INSTRUCTIONS FOR THE TASK: Reproduce, please, only the lines from the first line below to the line containing "Hypothesis l_prime : prime l.", inclusive.

======== SUPPLIED MATERIAL

(* For the Frey curve y^2 = x(x - A)(x + B) one has c4 = 16(A^2 + AB + B^2)
   and discriminant 16(AB(A + B))^2.  Since c4 and the discriminant scale by
   u^4 and u^12 under a change of variables, an odd prime l dividing the
   discriminant but not c4 divides the discriminant of every l-integral
   model, so the reduction at l is bad.  With A = a^p, B = 2^alpha b^p and
   A + B = -c^p, coprimality of a, b, c makes this happen exactly for the odd
   primes dividing abc; at the other odd primes the given model is already
   good.  So N_E is a power of 2 iff abc has no odd prime factor, and the
   equation with a = -1 (mod 4) then leaves only (-1, 1, -1). *)

Section LocalIntegrality.

Variable l : nat.
Hypothesis l_prime : prime l.

Lemma prime_dvdzM (x y : int) :
  (l%:Z %| x * y)%Z = (l%:Z %| x)%Z || (l%:Z %| y)%Z.
Proof. by rewrite !dvdzE abszM Euclid_dvdM. Qed.

Lemma prime_dvdzX (x : int) k : (0 < k)%N ->
  (l%:Z %| x ^+ k)%Z = (l%:Z %| x)%Z.
Proof. by move=> k_gt0; rewrite !dvdzE abszX Euclid_dvdX // k_gt0 andbT. Qed.

Lemma prime_ndvdz1 : ~~ (l%:Z %| 1)%Z.
Proof. by apply: contraTN l_prime; rewrite dvdz1 /= => /eqP ->. Qed.

Lemma odd_prime_ndvdz_pow2 k : odd l -> ~~ (l%:Z %| 2 ^+ k)%Z.
Proof.
move=> l_odd; case: k => [|k]; first exact: prime_ndvdz1.
rewrite prime_dvdzX // dvdzE /= dvdn_prime2 //.
by apply: contraTN l_odd => /eqP ->.
Qed.

Lemma ndvdz_denq (q : rat) : (l%:Z %| numq q)%Z -> ~~ (l%:Z %| denq q)%Z.
Proof.
move=> l_num; apply/negP => l_den; move: prime_ndvdz1.
rewrite dvdzE /= -(eqP (coprime_num_den q)) dvdn_gcd.
by move: l_num l_den; rewrite !dvdzE /= => -> ->.
Qed.

Lemma l_integralP (q : rat) :
  l_integral l q <-> exists x y : int, ~~ (l%:Z %| y)%Z /\ q * y%:~R = x%:~R.
Proof.
split=> [q_int | [x [y [l_y qyx]]]].
  by exists (numq q), (denq q); rewrite numqE.
apply/negP => l_den.
have e : numq q * y = x * denq q.
  by apply: (@intr_inj rat); rewrite !intrM numqE -qyx; ring.
have : (l%:Z %| numq q * y)%Z by rewrite e dvdz_mull.
by rewrite prime_dvdzM (negPf l_y) orbF => /ndvdz_denq; rewrite l_den.
Qed.
Theorem mainTheorem2 (T Q : Theory) (M : TheoryMor T Q) :
  (lawvere_covariety M <->
   exists (R : congruence T) (N : Functor (quot_cat R) Q),
     theory_iso N /\ tfun M = fcomp N (quot_functor R)) /\
  ((exists (R : congruence T) (N : Functor (quot_cat R) Q),
     theory_iso N /\ tfun M = fcomp N (quot_functor R)) <->
   exists (T' : Theory) (P P' : TheoryMor T' T),
     reflexive_pair P P' /\ lawvere_equation P P' /\ coequalizer P P' M).
Proof.
have one_two : lawvere_covariety M -> exists R N, theory_iso N /\
    tfun M = fcomp N (quot_functor R).
  by move=> /lawvere_covariety_kernel_quot; exists (kernel_congruence M), (kernel_quot_lift M).
have two_three : (exists R N, theory_iso N /\ tfun M = fcomp N (quot_functor R)) ->
    coequalizer (kproj M true) (kproj M false) M.
  by move=> [R [N [N_iso M_eq]]]; apply: quot_iso_coequalizer N_iso M_eq.
split; split.
- exact: one_two.
- move=> /two_three; apply: coequalizer_lawvere_covariety.
  exact: kernel_pair_lawvere.
- move=> /two_three M_coeq; exists (kernel_pair M), (kproj M true), (kproj M false).
  by split; [exact: kernel_pair_reflexive | split; [exact: kernel_pair_lawvere |]].
- move=> [T' [P [P' [_ [PP'_lawvere M_coeq]]]]].
  exact/one_two/(coequalizer_lawvere_covariety PP'_lawvere M_coeq).
Qed.
(* Let $\Sigma:\ \dot x=-(A-M)x+d$ be $\gamma$-robust for some $\gamma>0$ and let $u=(A-M)^{-1}\mathbb{1}$. Let $i\neq k$ with $(M)_{ik}=0$ and $m_{ik}>0$, and suppose $-(A-M-m_{ik}e_ie_k^{\mathrm T})$ is Hurwitz. Then $\bar u=(A-M-m_{ik}e_ie_k^{\mathrm T})^{-1}\mathbb{1}$ satisfies $$\bar u_i\ \ge\ u_i+\frac{m_{ik}}{a_i}u_k.$$
   Context: $A=\mathrm{diag}(a_1,\dots,a_N)$ with all $a_i>0$, $M\in\mathbb{R}^{N\times N}$ has zero diagonal and nonnegative off-diagonal entries; $e_i$ is the $i$th standard basis vector and $\mathbb{1}$ the all-ones vector. For $\gamma>0$, a system $\dot x=-(A-M)x+d$ is $\gamma$-robust if $-(A-M)$ is Hurwitz and for every bounded disturbance $d$, the solution with $x(0)=0$ satisfies $\max_{p}|x_p(t)|\le\gamma\max_p\sup_{s\ge0}|d_p(s)|$ for all $t\ge0$. *)

From HB Require Import structures.
From mathcomp Require Import all_boot all_order all_algebra.
From mathcomp Require Import all_classical all_reals all_analysis.
From mathcomp Require complex.
Import complex.ComplexField.
Set Implicit Arguments. Unset Strict Implicit. Unset Printing Implicit Defensive.
Import Order.TTheory GRing.Theory Num.Theory numFieldNormedType.Exports.
Local Open Scope classical_set_scope.
Local Open Scope ring_scope.

Definition hurwitz (R : realType) (N : nat) (B : 'M[R]_N) : Prop :=
  forall z : complex.complex R,
    root (char_poly (map_mx (fun x : R => complex.Complex x 0) B)) z ->
    complex.Re z < 0.

Definition is_solution (R : realType) (N : nat) (B : 'M[R]_N)
    (d x : 'I_N -> R -> R) : Prop :=
  (forall p, x p 0 = 0) /\
  (forall p, x p r @[r --> (0:R)^'+] --> x p 0) /\
  (forall p (t : R), 0 < t ->
     is_derive t 1 (x p) (\sum_q B p q * x q t + d p t)).

(* gamma-robustness of  x' = -(A - M) x + d , with K := A - M. *)
Definition robust (R : realType) (N : nat) (gamma : R) (K : 'M[R]_N) : Prop :=
  hurwitz (- K) /\
  forall (d x : 'I_N -> R -> R) (D : R),
    (forall p (s : R), 0 <= s -> `|d p s| <= D) ->
    is_solution (- K) d x ->
    forall p (t : R), 0 <= t -> `|x p t| <= gamma * D.

From HB Require Import structures.
From mathcomp Require Import all_boot all_order all_algebra.
From mathcomp Require Import all_classical all_reals all_analysis.
From mathcomp Require Import polyrcf lra.
From mathcomp Require complex.
Import complex.ComplexField.
Import Order.TTheory GRing.Theory Num.Theory.
Local Open Scope ring_scope.

(* Write K := A - M and Kb := K - m e_i e_k^T, so that u = K^-1 1 and
   ubar = Kb^-1 1.  Both K and Kb are Z-matrices (nonpositive off-diagonal
   entries) and -K, -Kb are Hurwitz (for K this is part of robustness).
   1. A Z-matrix K with t I + K nonsingular for every t >= 0 is invertible
      with an entrywise nonnegative inverse.  For t large, t I + K is
      diagonally dominant and the row sums of adj(t I + K) are positive by a
      minimum principle; as t decreases to 0 these polynomial row sums can
      never vanish (a positive supersolution of a Z-matrix system is strictly
      positive), so they stay positive down to t = 0, where they provide a
      positive vector y with K y > 0.  The minimum principle then shows that
      every column of K^-1 is nonnegative.
   2. A Hurwitz matrix -K has no eigenvalue t >= 0, so step 1 applies to K
      and to Kb.
   3. The rank-one update formula gives ubar = u + m Kb^-1 e_i u_k, hence
      ubar_i = u_i + m (Kb^-1)_ii u_k, and (Kb^-1)_ii >= 1 / Kb_ii = 1 / a_i
      since Kb^-1 >= 0 and Kb is a Z-matrix. *)

Definition Zmatrix {R : numDomainType} {N : nat} (K : 'M[R]_N) : Prop :=
  forall p q, p != q -> K p q <= 0.

Section MinimumPrinciple.
Context {R : realFieldType} {N : nat} {K : 'M[R]_N}.
Hypothesis ZK : Zmatrix K.

(* Minimum principle: if a Z-matrix admits a positive strict supersolution
   y (y > 0, K y > 0), then every supersolution x (K x >= 0) is nonnegative.
   Look at the index j minimising x_j / y_j. *)
Lemma Zmatrix_min_principle (y x : 'I_N -> R) :
  (forall j, 0 < y j) -> (forall j, 0 < \sum_l K j l * y l) ->
  (forall j, 0 <= \sum_l K j l * x l) -> forall j, 0 <= x j.
Proof.
move=> y_gt0 Ky_gt0 Kx_ge0 j0.
have [j _ jmin] :=
  @Order.TotalTheory.arg_minP _ _ _ j0 xpredT (fun j => x j / y j) isT.
rewrite leNgt; apply/negP => xj0_lt0.
set mu := x j / y j.
have mu_lt0 : mu < 0.
  by apply: le_lt_trans (jmin j0 isT) _; rewrite pmulr_llt0 ?invr_gt0.
(* componentwise x >= mu y, with equality at j *)
have Kx_le : \sum_l K j l * x l <= mu * \sum_l K j l * y l.
  rewrite mulr_sumr; apply: ler_sum => l _; rewrite mulrCA.
  have [->|lj] := eqVneq l j; first by rewrite /mu divfK // gt_eqF.
  apply: ler_wnM2l; first by apply: ZK; rewrite eq_sym.
  by rewrite -ler_pdivlMr ?y_gt0 //; apply: jmin.
have := le_trans (Kx_ge0 j) Kx_le.
by rewrite pmulr_lge0 ?Ky_gt0 // leNgt mu_lt0.
Qed.

(* A nonnegative vector x with constant positive row sums K x = c 1 is
   strictly positive: at a zero entry the row sum would be <= 0. *)
Lemma Zmatrix_pos_principle (x : 'I_N -> R) (c : R) :
  (forall j, 0 <= x j) -> (forall j, \sum_l K j l * x l = c) -> 0 < c ->
  forall j, 0 < x j.
Proof.
move=> x_ge0 Kx c_gt0 j; rewrite lt_neqAle x_ge0 andbT; apply/negP => /eqP xj0.
suff : \sum_l K j l * x l <= 0 by rewrite Kx leNgt c_gt0.
apply: sumr_le0 => l _; have [->|lj] := eqVneq l j; first by rewrite -xj0 mulr0.
by apply: mulr_le0_ge0; [apply: ZK; rewrite eq_sym|].
Qed.

(* Consequently, a nonsingular Z-matrix with a positive strict
   supersolution has an entrywise nonnegative inverse: column q of K^-1 is a
   supersolution since K K^-1 = I. *)
Lemma Zmatrix_inv_ge0 (y : 'I_N -> R) :
  K \in unitmx -> (forall j, 0 < y j) -> (forall j, 0 < \sum_l K j l * y l) ->
  forall p q, 0 <= invmx K p q.
Proof.
move=> Kunit y_gt0 Ky_gt0 p q.
apply: (@Zmatrix_min_principle y (fun l => invmx K l q) y_gt0 Ky_gt0).
move=> j; have := congr1 (fun X : 'M[R]_N => X j q) (mulmxV Kunit).
by rewrite !mxE => ->; apply: ler0n.
Qed.

Lemma Zmatrix_inv_diag (i : 'I_N) :
  K \in unitmx -> (forall p q, 0 <= invmx K p q) -> 0 < K i i ->
  (K i i)^-1 <= invmx K i i.
Proof.
move=> Kunit Kinv_ge0 Kii_gt0.
rewrite -(ler_pM2l Kii_gt0) mulfV ?gt_eqF //.
have := congr1 (fun X : 'M[R]_N => X i i) (mulmxV Kunit).
rewrite !mxE eqxx mulr1n (bigD1 i) //= => <-.
rewrite gerDl; apply: sumr_le0 => l li.
by apply: mulr_le0_ge0; [apply: ZK; rewrite eq_sym|].
Qed.

End MinimumPrinciple.

Section RealPolynomials.
Context {R : rcfType}.
Definition phi_density (eps : R) (theta : R) : 'M[C]_2 :=
  \matrix_(i < 2, j < 2)
    (if i == j then 1
     else if i == 0 :> nat then (1 - eps)%:C * (cos theta +i* (- sin theta))
     else (1 - eps)%:C * (cos theta +i* sin theta)).

Definition Phi (eps : R) (X : set R) : 'M[C]_2 :=
  \matrix_(i < 2, j < 2)
    ((Rintegral lebesgue_measure X
        (fun theta => complex.Re (phi_density eps theta i j)) / (2 * pi))
     +i* (Rintegral lebesgue_measure X
        (fun theta => complex.Im (phi_density eps theta i j)) / (2 * pi))).

Definition jointly_measurable_prono_phase (eps : R) : Prop :=
  exists M : set (bool * R) -> 'M[C]_2,
    [/\ povm_on (setT `*` I02pi) M,
        (forall n : bool, M ([set n] `*` I02pi) = Nprono eps n) &
        (forall X : set R, measurable X -> X `<=` I02pi ->
           M (setT `*` X) = Phi eps X)].

End Defs.

(* On outcome n the joint observable has density, with respect to dθ/2π on [0, 2π),
     [[w_n, c e^{-iθ}], [c e^{iθ}, w_{1-n}]],   w_0 = 1 - ε/2,  w_1 = ε/2,  c = (1 - ε)/2.
   Summing over n gives the density of Φ, and integrating over θ kills the
   off-diagonal entries, leaving N^prono_n.  The density is positive iff
   c^2 <= w_0 w_1, i.e. 2 (1 - ε)^2 <= 1, which is exactly ε >= 1 - 1/√2. *)

From HB Require Import structures.
From mathcomp Require Import all_boot all_order all_algebra.
From mathcomp Require Import all_classical all_reals all_analysis.
From mathcomp Require Import complex.
From mathcomp Require Import ring lra.
Import Order.TTheory GRing.Theory Num.Theory.
Import numFieldNormedType.Exports.
Local Open Scope classical_set_scope.
Local Open Scope ring_scope.

Section Herm2.
Context {R : realType}.
Local Notation C := R[i].
Local Open Scope complex_scope.

Definition herm2 (a b c d : R) : 'M[C]_2 :=
  \matrix_(i < 2, j < 2)
    (if i == j then (if i == 0 :> nat then a%:C else d%:C)
     else if i == 0 :> nat then b +i* (- c) else b +i* c).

================

REPLY TO THE EXERCISE:
(* For the Frey curve y^2 = x(x - A)(x + B) one has c4 = 16(A^2 + AB + B^2)
   and discriminant 16(AB(A + B))^2.  Since c4 and the discriminant scale by
   u^4 and u^12 under a change of variables, an odd prime l dividing the
   discriminant but not c4 divides the discriminant of every l-integral
   model, so the reduction at l is bad.  With A = a^p, B = 2^alpha b^p and
   A + B = -c^p, coprimality of a, b, c makes this happen exactly for the odd
   primes dividing abc; at the other odd primes the given model is already
   good.  So N_E is a power of 2 iff abc has no odd prime factor, and the
   equation with a = -1 (mod 4) then leaves only (-1, 1, -1). *)

Section LocalIntegrality.

Variable l : nat.
Hypothesis l_prime : prime l.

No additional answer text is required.